I don't know if it would work with your application, but I'm storing
logfiles as attachments and pulling out the "relevant" metadata to put
into the actual document. It was kindof my compromise to not end up
with ~MB sized json

Regards,
Andrew

Re: chunked response and couch_doc_open

Posted by Norman Barker <no...@gmail.com>.

On Fri, Oct 23, 2009 at 12:27 PM, Adam Kocoloski <ko...@apache.org> wrote:
> On Oct 23, 2009, at 2:11 PM, Norman Barker wrote:
>
>> On Fri, Oct 23, 2009 at 11:33 AM, Paul Davis
>> <pa...@gmail.com> wrote:
>>>
>>> On Fri, Oct 23, 2009 at 1:27 PM, Norman Barker <no...@gmail.com>
>>> wrote:
>>>>
>>>> Hi,
>>>>
>>>> is there a way (in Erlang) to open a couchdb document and to iterate
>>>> over the document body without having to open up all of the document
>>>> in memory?
>>>>
>>>> I would like to use a chunked response to keep the system having a low
>>>> memory overhead.
>>>>
>>>> Not a particular couch question, is there a method in erlang to find
>>>> the size (as in number of bytes) of a particular term?
>>>>
>>>> many thanks,
>>>>
>>>> Norman
>>>>
>>>
>>> Norman,
>>>
>>> Well, for document JSON we store Erlang term binaries on disk so
>>> there's no real way to stream a doc across the wire from disk without
>>> loading the whole thing into RAM. Have you noticed CouchDB having
>>> memory issues on read loads? Its generally pretty light on its memory
>>> requirements for reads.
>>>
>>> The only way to get the size of a Term in bytes that I know of is the
>>> brute force: size(term_to_binary(Term)) method.
>>>
>>> Paul Davis
>>>
>>
>> I am sending sizeable JSON documents (a couple of mb), as this scales
>> by X concurrent users then the problem grows. I have crashed erlang
>> when the process gets up to about a 1gb of memory.  (Note, this was on
>> windows) The workaround is to increase the memory allocation.
>>
>> Erlang (and couchdb) is fantastic in that it is so light to run as
>> opposed to a J2EE server, streaming documents out would be good
>> optimisation. Running a couchdb instance in < 30mb of memory space
>> would be my ideal.
>>
>> If you can point me in the right direction then this is something I
>> can contribute back, most of my erlang code so far has been specific
>> to my application.
>>
>> Many thanks,
>>
>> Norman
>
> Hi Norman, could your application store some of that data as an attachment
> to the document?  Attachments can be streamed in both directions.  Best,
>
> Adam
>
>

Hi Adam,

it was seeing that attachments could be streamed that got me thinking
about the JSON.  Unfortunately I couldn't use attachments since I am
storing metadata, all of which has to be view-able.

Norman

Re: chunked response and couch_doc_open

Posted by Adam Kocoloski <ko...@apache.org>.

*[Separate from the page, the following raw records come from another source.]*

(* b = true gives G_n; b = false gives n K_{1,n} with the leaves of each star
   indexed by unlift ord0. *)
Definition spider_adj (n : nat) (b : bool) : rel ('I_n * option 'I_n) :=
  fun p q => match p.2, q.2 with
             | None, None => b && (p.1 != q.1)
             | Some _, Some _ => false
             | _, _ => p.1 == q.1
             end.

Section Spider.
Variables (G : sgraph) (n : nat) (b : bool).
Variables (c : 'I_n -> vert G) (l : 'I_n -> 'I_n -> vert G).
Local Notation e := (@adj G).
Hypotheses (c_inj : injective c) (adj_c : forall i i', e (c i) (c i') = b && (i != i'))
  (adj_c_l : forall i j, e (c i) (l i j))
  (l_sep : forall i j j', connect (avoid_adj (c i)) (l i j) (l i j') -> j = j')
  (l_far : forall i i' j, i' != i -> ~~ connect (avoid_adj (c i)) (l i j) (c i')).

Lemma l_neq_c i i' j : l i j != c i'.
Proof.
have [-> | i'i] := eqVneq i' i; first by apply: contraTneq (adj_c_l i j) => ->; rewrite adj_irr.
by apply: contraNneq (l_far j i'i) => ->; exact: connect0.
Qed.

Lemma adj_c_lE i i' j : e (c i') (l i j) = (i == i').
Proof.
have [-> | ii'] := eqVneq i i'; first exact: adj_c_l.
apply/negP => ci'l; have i'i : i' != i by rewrite eq_sym.
have lc : avoid_adj (c i) (l i j) (c i') by rewrite /avoid_adj l_neq_c (inj_eq c_inj) i'i adj_sym.
by move: (l_far j i'i); rewrite connect1.
Qed.

Lemma adj_l_l i j i' j' : e (l i j) (l i' j') = false.
Proof.
apply/negP => ll; have [ii' | ii'] := eqVneq i' i.
  subst i'; have /l_sep jj' : connect (avoid_adj (c i)) (l i j) (l i j').
    by apply: connect1; rewrite /avoid_adj !l_neq_c.
  by rewrite jj' adj_irr in ll.
have l'c : avoid_adj (c i) (l i' j') (c i').
  by rewrite /avoid_adj l_neq_c (inj_eq c_inj) ii' adj_sym adj_c_l.
have ll' : avoid_adj (c i) (l i j) (l i' j') by rewrite /avoid_adj !l_neq_c.
by move: (l_far j ii'); rewrite (connect_trans (connect1 ll') (connect1 l'c)).
Qed.

Lemma l_inj i j i' j' : l i j = l i' j' -> i = i' /\ j = j'.
Proof.
move=> lij; have ii' : i = i' by apply/eqP; rewrite -(adj_c_lE i i' j) lij adj_c_lE.
by subst i'; split => //; apply: (@l_sep i); rewrite lij connect0.
Qed.

Definition spider (p : 'I_n * option 'I_n) : vert G :=
  if p.2 is Some j then l p.1 j else c p.1.

Lemma spider_inj : injective spider.
Proof.
move=> [i [j|]] [i' [j'|]]; rewrite /spider /=.
- by case/l_inj => -> ->.
- by move=> lc; move: (l_neq_c i i' j); rewrite lc eqxx.
- by move=> cl; move: (l_neq_c i' i j'); rewrite cl eqxx.
- by move/c_inj ->.
Qed.

Lemma adj_spider p q : e (spider p) (spider q) = spider_adj b p q.
Proof.
case: p q => [i [j|]] [i' [j'|]]; rewrite /spider /spider_adj /=.
- exact: adj_l_l.
- by rewrite adj_sym adj_c_lE.
- by rewrite adj_c_lE eq_sym.
- exact: adj_c.
Qed.
End Spider.

Lemma unlift0K n : cancel (@unlift n.+1 ord0) (fun o => if o is Some j then lift ord0 j else ord0).
Proof. by move=> a; case: unliftP. Qed.

Lemma induced_spider (G : sgraph) n b (f : 'I_n * option 'I_n -> vert G) :
  injective f -> (forall p q, adj (f p) (f q) = spider_adj b p q) ->
  induced_sub (if b then Gn n else copies n (star n)) G.
Proof.
move=> f_inj adj_f; case: b adj_f => adj_f.
  by exists f; split => // p q; rewrite adj_f; case: p q => [i [j|]] [i' [j'|]].
pose g (p : 'I_n * 'I_n.+1) := (p.1, unlift ord0 p.2).
have g_inj : injective g.
  by move=> [i a] [i' a'] [-> /(can_inj (@unlift0K n))] ->.
exists (f \o g); split; first exact: inj_comp f_inj g_inj.
move=> [i a] [i' a']; rewrite /= adj_f /spider_adj /cp_adj /star_adj /=.
by case: unliftP => [j ->|->]; case: unliftP => [j' ->|->]; rewrite ?andbF ?andbT // eq_sym.
Qed.

Section Build.
Variables (G : sgraph) (n : nat) (b : bool) (s : seq (vert G)) (x0 : vert G).
Local Notation V := (vert G).
Local Notation e := (@adj G).
Hypotheses (s_uniq : uniq s) (size_s : size s = n) (s_hom : homogeneous b s)
  (sdeg_s : forall v, v \in s -> n + n <= sdeg v).

Definition free_comps (v : V) := [set K in nbr_comps v | [disjoint K & s]].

On Oct 23, 2009, at 2:11 PM, Norman Barker wrote:

> On Fri, Oct 23, 2009 at 11:33 AM, Paul Davis
> <pa...@gmail.com> wrote:
>> On Fri, Oct 23, 2009 at 1:27 PM, Norman Barker <norman.barker@gmail.com 
>> > wrote:
>>> Hi,
>>>
>>> is there a way (in Erlang) to open a couchdb document and to iterate
>>> over the document body without having to open up all of the document
>>> in memory?
>>>
>>> I would like to use a chunked response to keep the system having a  
>>> low
>>> memory overhead.
>>>
>>> Not a particular couch question, is there a method in erlang to find
>>> the size (as in number of bytes) of a particular term?
>>>
>>> many thanks,
>>>
>>> Norman
>>>
>>
>> Norman,
>>
>> Well, for document JSON we store Erlang term binaries on disk so
>> there's no real way to stream a doc across the wire from disk without
>> loading the whole thing into RAM. Have you noticed CouchDB having
>> memory issues on read loads? Its generally pretty light on its memory
>> requirements for reads.
>>
>> The only way to get the size of a Term in bytes that I know of is the
>> brute force: size(term_to_binary(Term)) method.
>>
>> Paul Davis
>>
>
> I am sending sizeable JSON documents (a couple of mb), as this scales
> by X concurrent users then the problem grows. I have crashed erlang
> when the process gets up to about a 1gb of memory.  (Note, this was on
> windows) The workaround is to increase the memory allocation.
>
> Erlang (and couchdb) is fantastic in that it is so light to run as
> opposed to a J2EE server, streaming documents out would be good
> optimisation. Running a couchdb instance in < 30mb of memory space
> would be my ideal.
>
> If you can point me in the right direction then this is something I
> can contribute back, most of my erlang code so far has been specific
> to my application.
>
> Many thanks,
>
> Norman

Hi Norman, could your application store some of that data as an  
attachment to the document?  Attachments can be streamed in both  
directions.  Best,

Adam

Re: chunked response and couch_doc_open

Posted by Norman Barker <no...@gmail.com>.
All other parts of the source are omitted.